→ Problem: Could you set down every record below exactly as it appears?

→ Material for this task:
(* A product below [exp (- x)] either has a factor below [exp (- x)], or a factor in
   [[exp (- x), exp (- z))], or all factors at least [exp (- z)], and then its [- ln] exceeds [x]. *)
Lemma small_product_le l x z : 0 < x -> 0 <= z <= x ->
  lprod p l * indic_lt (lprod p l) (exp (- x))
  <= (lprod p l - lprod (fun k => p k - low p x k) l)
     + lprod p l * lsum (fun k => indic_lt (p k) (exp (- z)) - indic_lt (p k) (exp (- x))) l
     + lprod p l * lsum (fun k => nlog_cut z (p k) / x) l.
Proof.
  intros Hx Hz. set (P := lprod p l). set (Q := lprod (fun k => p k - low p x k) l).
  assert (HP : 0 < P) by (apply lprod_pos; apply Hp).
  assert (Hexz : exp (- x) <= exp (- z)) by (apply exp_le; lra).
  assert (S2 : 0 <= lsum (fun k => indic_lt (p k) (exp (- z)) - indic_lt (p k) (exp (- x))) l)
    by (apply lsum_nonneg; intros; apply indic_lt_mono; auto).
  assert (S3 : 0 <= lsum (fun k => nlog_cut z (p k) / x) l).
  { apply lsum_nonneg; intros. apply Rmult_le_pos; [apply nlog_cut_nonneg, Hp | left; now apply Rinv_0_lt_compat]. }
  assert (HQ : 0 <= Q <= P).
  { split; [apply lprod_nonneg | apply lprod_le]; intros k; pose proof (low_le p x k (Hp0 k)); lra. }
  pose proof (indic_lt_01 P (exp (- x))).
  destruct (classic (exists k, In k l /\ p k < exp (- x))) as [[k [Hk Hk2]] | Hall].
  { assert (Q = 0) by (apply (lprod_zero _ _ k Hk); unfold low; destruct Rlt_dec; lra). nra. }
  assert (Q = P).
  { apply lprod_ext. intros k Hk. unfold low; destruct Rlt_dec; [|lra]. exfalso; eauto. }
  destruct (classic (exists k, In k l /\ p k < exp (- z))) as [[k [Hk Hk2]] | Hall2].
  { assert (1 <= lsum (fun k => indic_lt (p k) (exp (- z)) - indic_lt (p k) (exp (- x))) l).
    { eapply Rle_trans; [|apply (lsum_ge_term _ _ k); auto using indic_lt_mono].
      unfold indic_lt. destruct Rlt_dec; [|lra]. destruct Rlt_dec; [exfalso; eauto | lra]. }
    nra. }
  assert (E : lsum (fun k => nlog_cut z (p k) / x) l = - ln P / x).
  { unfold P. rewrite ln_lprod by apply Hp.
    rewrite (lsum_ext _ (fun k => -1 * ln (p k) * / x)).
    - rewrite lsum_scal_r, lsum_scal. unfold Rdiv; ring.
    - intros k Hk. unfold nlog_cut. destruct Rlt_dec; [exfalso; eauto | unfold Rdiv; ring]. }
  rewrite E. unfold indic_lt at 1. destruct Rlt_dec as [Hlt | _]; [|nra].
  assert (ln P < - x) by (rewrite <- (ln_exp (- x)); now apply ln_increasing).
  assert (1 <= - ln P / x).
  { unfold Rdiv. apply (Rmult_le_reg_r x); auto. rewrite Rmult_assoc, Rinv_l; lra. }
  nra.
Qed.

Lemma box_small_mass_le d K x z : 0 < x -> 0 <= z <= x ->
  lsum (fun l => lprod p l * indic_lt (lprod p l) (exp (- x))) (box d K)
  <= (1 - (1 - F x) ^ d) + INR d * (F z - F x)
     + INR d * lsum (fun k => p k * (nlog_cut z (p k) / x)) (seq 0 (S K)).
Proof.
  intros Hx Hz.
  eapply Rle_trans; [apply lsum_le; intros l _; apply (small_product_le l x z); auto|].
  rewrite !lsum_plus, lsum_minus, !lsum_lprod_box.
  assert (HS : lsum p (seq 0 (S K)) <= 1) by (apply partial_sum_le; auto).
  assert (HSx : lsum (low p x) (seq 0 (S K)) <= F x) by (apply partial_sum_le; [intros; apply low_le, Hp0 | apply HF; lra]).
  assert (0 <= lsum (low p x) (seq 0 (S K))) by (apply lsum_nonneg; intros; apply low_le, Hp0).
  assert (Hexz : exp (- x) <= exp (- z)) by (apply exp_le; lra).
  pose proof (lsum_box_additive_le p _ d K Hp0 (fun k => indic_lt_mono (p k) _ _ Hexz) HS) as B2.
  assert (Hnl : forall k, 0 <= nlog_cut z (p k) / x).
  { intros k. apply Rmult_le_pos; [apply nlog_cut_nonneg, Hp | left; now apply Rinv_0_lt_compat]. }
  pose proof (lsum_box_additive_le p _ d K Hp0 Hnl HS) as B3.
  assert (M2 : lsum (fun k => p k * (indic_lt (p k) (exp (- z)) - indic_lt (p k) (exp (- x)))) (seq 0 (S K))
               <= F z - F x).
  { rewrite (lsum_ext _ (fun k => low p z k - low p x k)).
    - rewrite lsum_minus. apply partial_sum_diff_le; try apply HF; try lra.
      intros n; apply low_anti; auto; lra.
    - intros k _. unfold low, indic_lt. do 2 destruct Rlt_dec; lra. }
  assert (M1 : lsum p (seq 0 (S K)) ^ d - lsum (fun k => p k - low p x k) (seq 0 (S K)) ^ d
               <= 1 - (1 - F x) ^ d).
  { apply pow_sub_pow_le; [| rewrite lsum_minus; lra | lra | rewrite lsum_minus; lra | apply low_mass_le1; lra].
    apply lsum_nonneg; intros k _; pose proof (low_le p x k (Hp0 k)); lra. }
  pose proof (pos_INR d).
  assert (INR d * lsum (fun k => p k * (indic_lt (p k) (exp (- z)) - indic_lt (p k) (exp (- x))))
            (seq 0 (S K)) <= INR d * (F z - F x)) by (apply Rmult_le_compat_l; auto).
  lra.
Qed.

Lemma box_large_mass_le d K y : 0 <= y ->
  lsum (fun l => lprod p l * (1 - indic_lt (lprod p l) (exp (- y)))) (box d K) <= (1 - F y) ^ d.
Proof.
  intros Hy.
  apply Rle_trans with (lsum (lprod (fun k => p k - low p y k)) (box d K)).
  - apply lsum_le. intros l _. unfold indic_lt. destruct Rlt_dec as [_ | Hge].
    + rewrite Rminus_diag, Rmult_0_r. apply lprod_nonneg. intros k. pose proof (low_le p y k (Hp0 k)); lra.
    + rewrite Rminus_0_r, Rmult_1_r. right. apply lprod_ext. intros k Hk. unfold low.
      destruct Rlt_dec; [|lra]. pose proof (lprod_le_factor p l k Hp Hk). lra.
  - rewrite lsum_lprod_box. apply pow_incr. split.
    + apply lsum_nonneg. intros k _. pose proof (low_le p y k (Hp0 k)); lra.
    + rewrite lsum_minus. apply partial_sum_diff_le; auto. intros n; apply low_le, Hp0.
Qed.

→ Written solution:
(* A product below [exp (- x)] either has a factor below [exp (- x)], or a factor in
   [[exp (- x), exp (- z))], or all factors at least [exp (- z)], and then its [- ln] exceeds [x]. *)
Lemma small_product_le l x z : 0 < x -> 0 <= z <= x ->
  lprod p l * indic_lt (lprod p l) (exp (- x))
  <= (lprod p l - lprod (fun k => p k - low p x k) l)
     + lprod p l * lsum (fun k => indic_lt (p k) (exp (- z)) - indic_lt (p k) (exp (- x))) l
     + lprod p l * lsum (fun k => nlog_cut z (p k) / x) l.
Proof.
  intros Hx Hz. set (P := lprod p l). set (Q := lprod (fun k => p k - low p x k) l).
  assert (HP : 0 < P) by (apply lprod_pos; apply Hp).
  assert (Hexz : exp (- x) <= exp (- z)) by (apply exp_le; lra).
  assert (S2 : 0 <= lsum (fun k => indic_lt (p k) (exp (- z)) - indic_lt (p k) (exp (- x))) l)
    by (apply lsum_nonneg; intros; apply indic_lt_mono; auto).
  assert (S3 : 0 <= lsum (fun k => nlog_cut z (p k) / x) l).
  { apply lsum_nonneg; intros. apply Rmult_le_pos; [apply nlog_cut_nonneg, Hp | left; now apply Rinv_0_lt_compat]. }
  assert (HQ : 0 <= Q <= P).
  { split; [apply lprod_nonneg | apply lprod_le]; intros k; pose proof (low_le p x k (Hp0 k)); lra. }
  pose proof (indic_lt_01 P (exp (- x))).
  destruct (classic (exists k, In k l /\ p k < exp (- x))) as [[k [Hk Hk2]] | Hall].
  { assert (Q = 0) by (apply (lprod_zero _ _ k Hk); unfold low; destruct Rlt_dec; lra). nra. }
  assert (Q = P).
  { apply lprod_ext. intros k Hk. unfold low; destruct Rlt_dec; [|lra]. exfalso; eauto. }
  destruct (classic (exists k, In k l /\ p k < exp (- z))) as [[k [Hk Hk2]] | Hall2].
  { assert (1 <= lsum (fun k => indic_lt (p k) (exp (- z)) - indic_lt (p k) (exp (- x))) l).
    { eapply Rle_trans; [|apply (lsum_ge_term _ _ k); auto using indic_lt_mono].
      unfold indic_lt. destruct Rlt_dec; [|lra]. destruct Rlt_dec; [exfalso; eauto | lra]. }
    nra. }
  assert (E : lsum (fun k => nlog_cut z (p k) / x) l = - ln P / x).
  { unfold P. rewrite ln_lprod by apply Hp.
    rewrite (lsum_ext _ (fun k => -1 * ln (p k) * / x)).
    - rewrite lsum_scal_r, lsum_scal. unfold Rdiv; ring.
    - intros k Hk. unfold nlog_cut. destruct Rlt_dec; [exfalso; eauto | unfold Rdiv; ring]. }
  rewrite E. unfold indic_lt at 1. destruct Rlt_dec as [Hlt | _]; [|nra].
  assert (ln P < - x) by (rewrite <- (ln_exp (- x)); now apply ln_increasing).
  assert (1 <= - ln P / x).
  { unfold Rdiv. apply (Rmult_le_reg_r x); auto. rewrite Rmult_assoc, Rinv_l; lra. }
  nra.
Qed.

Lemma box_small_mass_le d K x z : 0 < x -> 0 <= z <= x ->
  lsum (fun l => lprod p l * indic_lt (lprod p l) (exp (- x))) (box d K)
  <= (1 - (1 - F x) ^ d) + INR d * (F z - F x)
     + INR d * lsum (fun k => p k * (nlog_cut z (p k) / x)) (seq 0 (S K)).
Proof.
  intros Hx Hz.
  eapply Rle_trans; [apply lsum_le; intros l _; apply (small_product_le l x z); auto|].
  rewrite !lsum_plus, lsum_minus, !lsum_lprod_box.
  assert (HS : lsum p (seq 0 (S K)) <= 1) by (apply partial_sum_le; auto).
  assert (HSx : lsum (low p x) (seq 0 (S K)) <= F x) by (apply partial_sum_le; [intros; apply low_le, Hp0 | apply HF; lra]).
  assert (0 <= lsum (low p x) (seq 0 (S K))) by (apply lsum_nonneg; intros; apply low_le, Hp0).
  assert (Hexz : exp (- x) <= exp (- z)) by (apply exp_le; lra).
  pose proof (lsum_box_additive_le p _ d K Hp0 (fun k => indic_lt_mono (p k) _ _ Hexz) HS) as B2.
  assert (Hnl : forall k, 0 <= nlog_cut z (p k) / x).
  { intros k. apply Rmult_le_pos; [apply nlog_cut_nonneg, Hp | left; now apply Rinv_0_lt_compat]. }
  pose proof (lsum_box_additive_le p _ d K Hp0 Hnl HS) as B3.
  assert (M2 : lsum (fun k => p k * (indic_lt (p k) (exp (- z)) - indic_lt (p k) (exp (- x)))) (seq 0 (S K))
               <= F z - F x).
  { rewrite (lsum_ext _ (fun k => low p z k - low p x k)).
    - rewrite lsum_minus. apply partial_sum_diff_le; try apply HF; try lra.
      intros n; apply low_anti; auto; lra.
    - intros k _. unfold low, indic_lt. do 2 destruct Rlt_dec; lra. }
  assert (M1 : lsum p (seq 0 (S K)) ^ d - lsum (fun k => p k - low p x k) (seq 0 (S K)) ^ d
               <= 1 - (1 - F x) ^ d).
  { apply pow_sub_pow_le; [| rewrite lsum_minus; lra | lra | rewrite lsum_minus; lra | apply low_mass_le1; lra].
    apply lsum_nonneg; intros k _; pose proof (low_le p x k (Hp0 k)); lra. }
  pose proof (pos_INR d).
  assert (INR d * lsum (fun k => p k * (indic_lt (p k) (exp (- z)) - indic_lt (p k) (exp (- x))))
            (seq 0 (S K)) <= INR d * (F z - F x)) by (apply Rmult_le_compat_l; auto).
  lra.
Qed.

Lemma box_large_mass_le d K y : 0 <= y ->
  lsum (fun l => lprod p l * (1 - indic_lt (lprod p l) (exp (- y)))) (box d K) <= (1 - F y) ^ d.
Proof.
  intros Hy.
  apply Rle_trans with (lsum (lprod (fun k => p k - low p y k)) (box d K)).
  - apply lsum_le. intros l _. unfold indic_lt. destruct Rlt_dec as [_ | Hge].
    + rewrite Rminus_diag, Rmult_0_r. apply lprod_nonneg. intros k. pose proof (low_le p y k (Hp0 k)); lra.
    + rewrite Rminus_0_r, Rmult_1_r. right. apply lprod_ext. intros k Hk. unfold low.
      destruct Rlt_dec; [|lra]. pose proof (lprod_le_factor p l k Hp Hk). lra.
  - rewrite lsum_lprod_box. apply pow_incr. split.
    + apply lsum_nonneg. intros k _. pose proof (low_le p y k (Hp0 k)); lra.
    + rewrite lsum_minus. apply partial_sum_diff_le; auto. intros n; apply low_le, Hp0.
Qed.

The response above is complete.